Working with AWS Glue DataBrew to prepare data without writing code - Part 1/4 | Amazon Web Services
Introduction to AWS Glue DataBrew
Overview of the Learning Series
- The series is presented by Harshad Adipati, a Principal Solutions Architect at AWS, focusing on analytics.
- This is part one of a four-part series covering the fundamentals of AWS Glue DataBrew.
- Participants will learn how to load data into DataBrew and conduct exploratory data analysis without coding.
Upcoming Parts in the Series
- Part two will focus on cleaning datasets, including handling null values and filtering transforms.
- Part three will cover enriching datasets using transformations like joins and aggregations.
- Part four will delve into feature engineering techniques such as outlier handling and one-hot encoding.
Challenges in Data Preparation
Issues with Traditional Methods
- Data preparation is often time-consuming, involving multiple steps for cleaning and normalizing data before analysis.
- Existing tools can be expensive and may require rework, complicating workflows for analysts and scientists.
- Manual processes introduce complexity in maintaining reusable workflows, leading to significant overhead.
Introduction to AWS Glue DataBrew
Features of DataBrew
- AWS Glue DataBrew allows users to clean and normalize data up to 80% faster through a visual interface.
- It supports over 250 built-in transformations commonly used in daily operations.
- Users can build reusable recipes and monitor data transformation lineage easily.
Integration Capabilities
- Seamless integration with various data sources via JDBC connectors enhances flexibility for users.
- The visual interface is accessible through the AWS console or can be embedded into Jupyter Notebook or SageMaker Studio.
Demo Walkthrough of AWS Glue DataBrew
Navigating the Interface
- The demo begins with an overview of the Glue DataBrew landing page highlighting options like datasets, projects, recipes, and jobs.
Creating Datasets
- Users can create new datasets from supported sources or upload files directly from their desktops.
- Supported JDBC sources include Microsoft SQL Server, MySQL, Oracle, PostgreSQL, Redshift, and Snowflake.
Example Dataset Creation Process
- For this demo, three data sources are introduced: product sales (Excel), customer (CSV), which are essential for self-service scenarios in analysis.
- Steps include selecting S3 buckets for saving files while specifying formats like Excel or CSV during dataset creation.
Data Profiling and Analysis with Data Brew
Overview of Data Profiling
- The process begins by selecting the entire dataset or a sample for profiling, which is saved in JSON format to an S3 bucket. Users can choose specific columns to profile, optimizing cost and time.
- It is recommended to run profiling jobs periodically as new data is added, although this step is skipped in the demo. A role with access to both Data Blue and the S3 dataset must be selected before running the job.
Insights from Profile Output
- Upon completion of the profiling job, users receive detailed information including total records, column counts, missing or duplicate data, correlation between columns, and value distributions.
- Column statistics provide insights such as data quality metrics, histograms showing data distribution, minimum/maximum values, standard deviation, outlier detection using z-scores, and additional insights on selected columns.

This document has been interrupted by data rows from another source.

(* Let $(\mathcal S,\mathcal A,P,R,\rho)$ be a finite Episodic Learning Process with terminal set $\mathcal S_\bot$, and let $\gamma:\mathcal S\to[0,1]$ be any discounting function such that $\gamma(s)<1$ for every terminal state $s\in\mathcal S_\bot$. Then: (1) $\mathcal B^\gamma$ has a unique fixed point in $\mathcal Q$, i.e. the equation $Q=\mathcal B^\gamma Q$ has exactly one solution $Q\in\mathcal Q$; (2) this fixed point equals $\lim_{n\to\infty}(\mathcal B^\gamma)^n Q$ for every $Q\in\mathcal Q$; (3) when $\gamma=\gamma_{\mathrm{epi}}$, the fixed point $Q^*$ of $\mathcal B^{\gamma_{\mathrm{epi}}}$ is an optimal Q-function: every policy $\pi^*$ with $\pi^*(a|s)>0$ only if $Q^*(s,a)=\max_{\bar a}Q^*(s,\bar a)$ satisfies $J(\pi^* )=\max_\pi J(\pi)$.
   Context: A finite Episodic Learning Process (ELP) is a tuple $(\mathcal S,\mathcal A,P,R,\rho)$ with finite state space $\mathcal S$, finite action space $\mathcal A$, reward function $R:\mathcal S\to\mathbb R$, transition probabilities $P(s'|s,a)$, distribution $\rho$ on $\mathcal S$, and a nonempty set of terminal states $\mathcal S_\bot\subseteq\mathcal S$. A policy $\pi$ assigns to each $s$ a distribution $\pi(\cdot|s)$ on $\mathcal A$. Running $\pi$ gives a process $S_0,A_0,S_1,A_1,\dots$ with $S_0$ a fixed terminal state, $A_t\sim\pi(\cdot|S_t)$, $S_{t+1}\sim P(\cdot|S_t,A_t)$; write $\mathbb P_\pi,\mathbb E_\pi$. The termination time is $T=\inf\{t\ge1:S_t\in\mathcal S_\bot\}$. The ELP conditions are: (i) $\mathbb E_\pi[T]<\infty$ for every policy $\pi$; (ii) $P(s'|s,a)=\rho(s')$ for all $s\in\mathcal S_\bot$, $a\in\mathcal A$, $s'\in\mathcal S$; (iii) every state of $\mathcal S$ is reachable, i.e. for each $s$ there exist a policy $\pi$ and $t\ge1$ with $\mathbb P_\pi(S_t=s)>0$. The objective is $J(\pi)=\mathbb E_\pi[\sum_{t=1}^T R(S_t)]$; a policy is optimal if it maximizes $J$ over all policies. $\mathcal Q$ denotes the set of all functions $Q:\mathcal S\times\mathcal A\to\mathbb R$. For $\gamma:\mathcal S\to[0,1]$, the generalized Bellman optimality operator is $\mathcal B^\gamma Q(s,a)=\sum_{s'\in\mathcal S}P(s'|s,a)\big(R(s')+\gamma(s')\max_{a'\in\mathcal A}Q(s',a')\big)$. The episodic discounting function is $\gamma_{\mathrm{epi}}(s)=1$ if $s\notin\mathcal S_\bot$ and $0$ if $s\in\mathcal S_\bot$. A Q-function $Q$ is an optimal Q-function if every $Q$-greedy policy (one with $\pi(a|s)>0$ only if $Q(s,a)=\max_{\bar a}Q(s,\bar a)$) is optimal. *)

From HB Require Import structures.
From mathcomp Require Import all_boot all_order all_algebra.
From mathcomp Require Import all_classical all_reals all_analysis.
Set Implicit Arguments. Unset Strict Implicit. Unset Printing Implicit Defensive.
Import Order.TTheory GRing.Theory Num.Theory numFieldNormedType.Exports.
Local Open Scope ring_scope.

Section ELP.
Variables (R : realType) (S A : finType).
(* transition kernel P s a s' = P(s'|s,a); reward r; initial distribution rho;
   terminal set term; s0 = the fixed terminal state S_0 *)
Variables (P : S -> A -> S -> R) (r : S -> R) (rho : S -> R) (term : {set S}) (s0 : S).

Definition is_distr (d : S -> R) := (forall s, 0 <= d s) /\ \sum_s d s = 1.

Definition is_policy (pi : S -> A -> R) :=
  forall s, (forall a, 0 <= pi s a) /\ \sum_a pi s a = 1.

Definition step (pi : S -> A -> R) (s s' : S) : R := \sum_a pi s a * P s a s'.

(* probability of the finite trajectory prefix S_1 = p_1, ..., S_t = p_t,
   starting from S_0 = prev *)
Fixpoint path_prob (pi : S -> A -> R) (prev : S) (p : seq S) : R :=
  match p with
  | [::] => 1
  | s :: p' => step pi prev s * path_prob pi s p'
  end.

(* P_pi(S_t = s), t >= 1 *)
Definition prob_state (pi : S -> A -> R) (t : nat) (s : S) : R :=
  \sum_(p : t.-tuple S | last s0 p == s) path_prob pi s0 p.

(* the event {T >= t} for t >= 1: S_1, ..., S_{t-1} are non-terminal *)
Definition alive (t : nat) (p : seq S) : bool :=
  all (fun s => s \notin term) (take t.-1 p).

Definition prob_T_ge (pi : S -> A -> R) (t : nat) : R :=
  \sum_(p : t.-tuple S | alive t p) path_prob pi s0 p.

(* E_pi[T] < oo, via E[T] = sum_{t>=1} P(T >= t) (series of nonnegative terms) *)
Definition finite_expected_T (pi : S -> A -> R) : Prop :=
  cvgn (fun n => \sum_(1 <= t < n) prob_T_ge pi t).

Definition exp_reward_at (pi : S -> A -> R) (t : nat) : R :=
  \sum_(p : t.-tuple S | alive t p) path_prob pi s0 p * r (last s0 p).

(* J(pi) = E_pi[sum_{t=1}^T R(S_t)] = sum_{t>=1} E_pi[R(S_t) 1{T >= t}] *)
Definition J (pi : S -> A -> R) : R :=
  limn (fun n => \sum_(1 <= t < n) exp_reward_at pi t).

Definition is_ELP : Prop :=
  [/\ ((forall s a, is_distr (P s a)) /\ is_distr rho),
      term != finset.set0 /\ s0 \in term,
      (forall pi, is_policy pi -> finite_expected_T pi),
      (forall s a s', s \in term -> (P s a s' = rho s')) &
      (forall s, exists pi t, [/\ is_policy pi, (1 <= t)%N & 0 < prob_state pi t s])].

(* max_{a} Q(s,a) (A is nonempty in any ELP; 0 is a dummy value otherwise) *)
Definition maxA (Q : S -> A -> R) (s : S) : R :=
  match [pick a : A] with
  | Some a0 => \big[Num.max/Q s a0]_(a : A) Q s a
  | None => 0
  end.

Definition bellman (gamma : S -> R) (Q : S -> A -> R) : S -> A -> R :=
  fun s a => \sum_(s' : S) P s a s' * (r s' + gamma s' * maxA Q s').

Definition gamma_epi (s : S) : R := if s \in term then 0 else 1.

Definition is_greedy (Q : S -> A -> R) (pi : S -> A -> R) :=
  is_policy pi /\ (forall s a, 0 < pi s a -> Q s a = maxA Q s).

Definition is_optimal (pi : S -> A -> R) :=
  is_policy pi /\ (forall pi', is_policy pi' -> J pi' <= J pi).

Definition optimal_Q (Q : S -> A -> R) :=
  forall pi, is_greedy Q pi -> is_optimal pi.

End ELP.

From Pilot Require Import Defs.
From HB Require Import structures.
From mathcomp Require Import all_boot all_order all_algebra.
From mathcomp Require Import all_classical all_reals all_analysis.
From mathcomp Require Import ring lra.
Set Implicit Arguments. Unset Strict Implicit. Unset Printing Implicit Defensive.
Import Order.TTheory GRing.Theory Num.Theory numFieldNormedType.Exports.
Local Open Scope ring_scope.
Local Open Scope classical_set_scope.

(* Let [max_discount n s] be the largest expected value of [gamma S_1 * ... * gamma S_n]
   from [s]. At every state, [B^n Q1 - B^n Q2] is bounded by [max_discount n] times the sup
   distance of [Q1] and [Q2], so uniqueness, existence and convergence of the fixed point
   follow by a contraction argument as soon as [max_discount N < 1] for some [N]. The sets
   [{max_discount n = 1}] decrease and hence stabilise; if they stay nonempty, their states
   with [gamma = 1] form a trap of non-terminal states that some policy never leaves.
   Reachability lets a policy enter the trap with positive probability, after which
   [P(T >= t)] is bounded away from [0], contradicting [E[T] < oo].
   For [gamma_epi], the n-step lookahead of a policy from the fixed point [Q*] is at most
   [max_a Q*(s0, a)], with equality for [Q*]-greedy policies, and it differs from the
   partial return by a term that vanishes since [P(T >= t) -> 0]. *)

(* Bare [maxA] would resolve to the associativity lemma of [Order.max]. *)
Local Notation maxA := Defs.maxA.

Lemma big_tuple0 (R : nmodType) (S : finType) (F : seq S -> R) :
  \sum_(p : 0.-tuple S) F p = F [::].
Proof. by rewrite (big_pred1 [tuple]) // => q; rewrite [q]tuple0 /= eqxx. Qed.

Understanding Data Lineage
- Clicking on the data lineage tab reveals how data has evolved over time and what transformations were applied across different projects. This includes tracking recipes created from these projects.
Creating a Project for Analysis
- To start analysis, users create a project by naming it and selecting a dataset (e.g., sales dataset). Visual analysis in Data Brew uses sample sizes ranging from 500 to 5000 records.
- Users can select random rows for their analysis; after creating a project, datasets are displayed in grid view along with selected sample sizes.
Transformations Available in Data Brew
- Over 250 transformations are available for use within Data Brew. These include common functions like filtering data sets and changing date formats.
- Additional capabilities allow handling missing values and outliers through various aggregation functions. More complex operations can utilize case statements or pivot functions without requiring coding skills.
Conclusion on Data Brew's Capabilities
- The session highlights that Data Brew simplifies data preparation through its visual interface while offering reusable recipes that enhance monitoring changes in datasets.